[Items from a data source]
==========

Fixpoint bool_lists (k : nat) : list (list bool) :=
  match k with
  | O => nil :: nil
  | S k => map (cons true) (bool_lists k) ++ map (cons false) (bool_lists k)
  end.

Lemma bool_lists_length (k : nat) : length (bool_lists k) = (2 ^ k)%nat.
Proof. induction k; simpl; [reflexivity|]. rewrite length_app, !length_map, IHk. lia. Qed.

Lemma bool_lists_spec (k : nat) (l : list bool) : In l (bool_lists k) <-> length l = k.
Proof.
  revert l; induction k as [|k IH]; intros l; simpl.
  - split; [intros [<- | []]; reflexivity | destruct l; [now left | discriminate]].
  - rewrite in_app_iff, !in_map_iff. split.
    + intros [[l' [<- Hl']] | [l' [<- Hl']]]; simpl; f_equal; now apply IH.
    + destruct l as [|[|] l]; simpl; intros Hl; [discriminate| left | right];
        exists l; split; [reflexivity | apply IH; lia | reflexivity | apply IH; lia].
Qed.

Lemma bool_lists_NoDup (k : nat) : NoDup (bool_lists k).
Proof.
  induction k as [|k IH]; simpl; [constructor; [intros [] | constructor]|].
  apply NoDup_app.
  - apply NoDup_map_NoDup_ForallPairs; [|exact IH]. intros u v _ _ E. now injection E.
  - apply NoDup_map_NoDup_ForallPairs; [|exact IH]. intros u v _ _ E. now injection E.
  - intros l H1 H2. apply in_map_iff in H1 as [l1 [<- _]].
    apply in_map_iff in H2 as [l2 [E _]]. discriminate.
Qed.

Lemma realise_all_words {W : Type} (ws : list W) (g : W -> list bool) (k : nat) :
  (forall l, length l = k -> exists w, In w ws /\ g w = l) -> (2 ^ k <= length ws)%nat.
Proof.
  intros Hreal. rewrite <- bool_lists_length, <- (length_map g).
  apply NoDup_incl_length; [apply bool_lists_NoDup|].
  intros l Hl. apply bool_lists_spec in Hl. destruct (Hreal l Hl) as [w [Hw <-]].
  now apply in_map.
Qed.

Lemma map_nth_seq_bool (l : list bool) :
  map (fun j => nth j l false) (seq 0 (length l)) = l.
Proof.
  induction l as [|b l IH]; simpl; [reflexivity|]. f_equal.
  rewrite <- seq_shift, map_map. exact IH.
Qed.

Section Itineraries.
Context {X : Type} (d : X -> X -> R) (f : X -> X).

Definition cr_chain (delta : R) (a : nat) (p q : X) (c : nat -> X) : Prop :=
  c 0%nat = p /\ c a = q /\
  (forall t, (t < a)%nat -> d (f (c t)) (c (S t)) <= delta) /\
  (forall t, (t <= a)%nat -> CR d f (c t)).

Definition chain_concat (L : nat) (c1 c2 : nat -> X) : nat -> X :=
  fun t => if Nat.leb t L then c1 t else c2 (t - L)%nat.

Lemma chain_concat_left (L : nat) (c1 c2 : nat -> X) (t : nat) :
  (t <= L)%nat -> chain_concat L c1 c2 t = c1 t.
Proof. intros H. unfold chain_concat. destruct (Nat.leb_spec t L); [reflexivity | lia]. Qed.

Lemma chain_concat_right (L : nat) (c1 c2 : nat -> X) (t : nat) :
  c1 L = c2 0%nat -> (L <= t)%nat -> chain_concat L c1 c2 t = c2 (t - L)%nat.
Proof.
  intros E H. unfold chain_concat. destruct (Nat.leb_spec t L); [|reflexivity].
  replace t with L by lia. rewrite Nat.sub_diag. exact E.
Qed.

Lemma cr_chain_concat (delta : R) (L : nat) (p q r : X) (c1 c2 : nat -> X) :
  cr_chain delta L p q c1 -> cr_chain delta L q r c2 ->
  cr_chain delta (L + L) p r (chain_concat L c1 c2).
Proof.
  intros [Hp1 [Hq1 [Hstep1 Hcr1]]] [Hq2 [Hr2 [Hstep2 Hcr2]]].
  assert (E : c1 L = c2 0%nat) by congruence.
  split; [|split; [|split]].
  - rewrite chain_concat_left by lia. exact Hp1.
  - rewrite chain_concat_right by (auto; lia). now replace (L + L - L)%nat with L by lia.
  - intros t Ht. destruct (Nat.lt_ge_cases t L).
    + rewrite !chain_concat_left by lia. auto.
    + rewrite !chain_concat_right by (auto; lia).
      replace (S t - L)%nat with (S (t - L)) by lia. apply Hstep2. lia.
  - intros t Ht. destruct (Nat.le_gt_cases t L).
    + rewrite chain_concat_left by lia. auto.
    + rewrite chain_concat_right by (auto; lia). apply Hcr2. lia.
Qed.

Variables x y : X.

Definition endpoint (b : bool) : X := if b then y else x.

(* From x ~ y: one length a with CR-chains of length a between any two points
   of {x, y}; x -> x and y -> y are round trips of two half-length chains. *)
Lemma chain_rel_blocks (delta : R) : 0 < delta -> chain_rel d f x y ->
  exists a (blk : bool -> bool -> nat -> X), (0 < a)%nat /\
    forall p q, cr_chain delta a (endpoint p) (endpoint q) (blk p q).
Proof.
  intros Hd Hsim. destruct (Hsim delta Hd) as [m [N [Hm [HN Hchains]]]].
  destruct (Hchains N (le_n _))
    as [sx1 [sy1 [[_ Hx1] [[_ Hy1] [Hcr1 [Ex1 [Ex1' [Ey1 Ey1']]]]]]]].
  destruct (Hchains (2 * N)%nat ltac:(lia))
    as [sx2 [sy2 [[_ Hx2] [[_ Hy2] [Hcr2 [Ex2 [Ex2' [Ey2 Ey2']]]]]]]].
  replace (m * (2 * N))%nat with (m * N + m * N)%nat in * by lia.
  set (L := (m * N)%nat) in *.
  assert (Gxy1 : cr_chain delta L x y sx1) by (repeat split; auto; intros; apply Hcr1; auto).
  assert (Gyx1 : cr_chain delta L y x sy1) by (repeat split; auto; intros; apply Hcr1; auto).
  assert (Gxy2 : cr_chain delta (L + L) x y sx2)
    by (repeat split; auto; intros; apply Hcr2; auto).
  assert (Gyx2 : cr_chain delta (L + L) y x sy2)
    by (repeat split; auto; intros; apply Hcr2; auto).
  exists (L + L)%nat,
    (fun p q => match p, q with
                | false, true => sx2 | true, false => sy2
                | false, false => chain_concat L sx1 sy1
                | true, true => chain_concat L sy1 sx1 end).
  split; [unfold L; nia|].
  intros [|] [|]; simpl; auto; eapply cr_chain_concat; eauto.
Qed.

Definition splice (a : nat) (blk : bool -> bool -> nat -> X) (s : nat -> bool)
  (i : nat) : X :=
  blk (s (i / a)%nat) (s (S (i / a))) (i mod a).

Lemma splice_block (a : nat) (blk : bool -> bool -> nat -> X) (s : nat -> bool)
  (j t : nat) : (t < a)%nat -> splice a blk s (a * j + t) = blk (s j) (s (S j)) t.
Proof.
  intros Ht. unfold splice.
  rewrite <- (Nat.div_unique (a * j + t) a j t Ht eq_refl).
  rewrite <- (Nat.mod_unique (a * j + t) a j t Ht eq_refl). reflexivity.
Qed.

Lemma splice_pseudo_orbit (delta : R) (a : nat) (blk : bool -> bool -> nat -> X)
  (s : nat -> bool) :
  (0 < a)%nat -> (forall p q, cr_chain delta a (endpoint p) (endpoint q) (blk p q)) ->
  (forall i, CR d f (splice a blk s i)) /\
  (forall i, d (f (splice a blk s i)) (splice a blk s (S i)) <= delta).
Proof.
  intros Ha Hblk.
  assert (Hdec : forall i, exists j t, (t < a)%nat /\ i = (a * j + t)%nat)
    by (intro i; exists (i / a)%nat, (i mod a)%nat;
        split; [apply Nat.mod_upper_bound | apply Nat.div_mod]; lia).
  split; intro i; destruct (Hdec i) as [j [t [Ht ->]]]; rewrite splice_block by exact Ht;
    destruct (Hblk (s j) (s (S j))) as [_ [Hend [Hstep Hcr]]].
  - apply Hcr. lia.
  - destruct (Nat.lt_ge_cases (S t) a) as [Hlt | Hge].
    + replace (S (a * j + t)) with (a * j + S t)%nat by lia.
      rewrite splice_block by exact Hlt. auto.
    + (* the last step of block j ends where block j+1 starts *)
      replace (S (a * j + t)) with (a * S j + 0)%nat by nia.
      rewrite splice_block by exact Ha.
      destruct (Hblk (s (S j)) (s (S (S j)))) as [Hstart _].
      rewrite Hstart, <- Hend. replace a with (S t) by lia. apply Hstep. lia.
Qed.

Lemma shadow_itinerary (delta eps : R) (a : nat) (blk : bool -> bool -> nat -> X) :
  (0 < a)%nat -> (forall p q, cr_chain delta a (endpoint p) (endpoint q) (blk p q)) ->
  (forall ys : nat -> X, (forall i, CR d f (ys i)) ->
      (forall i, d (f (ys i)) (ys (S i)) <= delta) ->
      exists z, CR d f z /\ forall i, d (Nat.iter i f z) (ys i) <= eps) ->
  forall s : nat -> bool, exists z, forall j, d (Nat.iter (a * j) f z) (endpoint (s j)) <= eps.
Proof.
  intros Ha Hblk Hshadow s.
  destruct (splice_pseudo_orbit delta a blk s Ha Hblk) as [Hcr Hstep].
  destruct (Hshadow _ Hcr Hstep) as [z [_ Hz]].
  exists z. intros j. specialize (Hz (a * j)%nat).
  rewrite <- (Nat.add_0_r (a * j)) in Hz at 2. rewrite splice_block in Hz by exact Ha.
  destruct (Hblk (s j) (s (S j))) as [Hstart _]. rewrite Hstart in Hz. exact Hz.
Qed.
End Itineraries.

(* Any subcover of the (a k)-join of {X \ A, X \ B} has at least 2^k members:
   a member of the join fixes, at each time a j, whether the orbit avoids A
   (hence is not eps-close to x) or avoids B. *)
Lemma itinerary_subcover_bound (X : Type) (d : X -> X -> R) (f : X -> X)
  (Hsym : forall u v, d u v = d v u) (Hshadow : shadowing_on_CR d f)
  (x y : X) (Hsim : chain_rel d f x y) (A B : X -> Prop) (eps : R) (Heps : 0 < eps)
  (HA : forall z, ball d x eps z -> A z) (HB : forall z, ball d y eps z -> B z) :
  exists a, (0 < a)%nat /\ forall k K,
    join_subcover_card f ((fun z => ~ A z) :: (fun z => ~ B z) :: nil) (a * k) K ->
    (2 ^ k <= K)%nat.
Proof.
  destruct (Hshadow (eps / 2)) as [delta [Hd Hsh]]; [lra|].
  destruct (chain_rel_blocks d f x y delta Hd Hsim) as [a [blk [Ha Hblk]]].
  exists a. split; [exact Ha|]. intros k K [ws [<- [Hok Hcov]]].
  apply (realise_all_words ws (fun w => map (fun j => Nat.eqb (w (a * j)%nat) 0) (seq 0 k))).
  intros l Hl.
  destruct (shadow_itinerary d f x y delta (eps / 2) a blk Ha Hblk Hsh
              (fun j => nth j l false)) as [z Hz].
  destruct (Hcov z) as [w [Hw Hmem]]. exists w. split; [exact Hw|].
  rewrite <- (map_nth_seq_bool l), Hl. apply map_ext_in. intros j Hj. apply in_seq in Hj.
  assert (Hlt : (a * j < a * k)%nat) by nia.
  specialize (Hmem _ Hlt). specialize (Hok w Hw _ Hlt). simpl in Hok.
  specialize (Hz j). simpl in Hz.
  destruct (nth j l false); simpl in Hz.
  - assert (B (Nat.iter (a * j) f z)) by (apply HB; unfold ball; rewrite Hsym; lra).
    destruct (w (a * j)%nat) as [|[|]]; simpl in Hmem |- *; tauto || lia.
  - assert (A (Nat.iter (a * j) f z)) by (apply HA; unfold ball; rewrite Hsym; lra).
    destruct (w (a * j)%nat) as [|[|]]; simpl in Hmem |- *; tauto || lia.
Qed.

==========

- [Exercise instructions] Copy all lines of the records that have the string "replace" in them.

- [Answer space]
  replace t with L by lia. rewrite Nat.sub_diag. exact E.
  - rewrite chain_concat_right by (auto; lia). now replace (L + L - L)%nat with L by lia.
      replace (S t - L)%nat with (S (t - L)) by lia. apply Hstep2. lia.
  replace (m * (2 * N))%nat with (m * N + m * N)%nat in * by lia.
    + replace (S (a * j + t)) with (a * j + S t)%nat by lia.
      replace (S (a * j + t)) with (a * S j + 0)%nat by nia.
      rewrite Hstart, <- Hend. replace a with (S t) by lia. apply Hstep. lia.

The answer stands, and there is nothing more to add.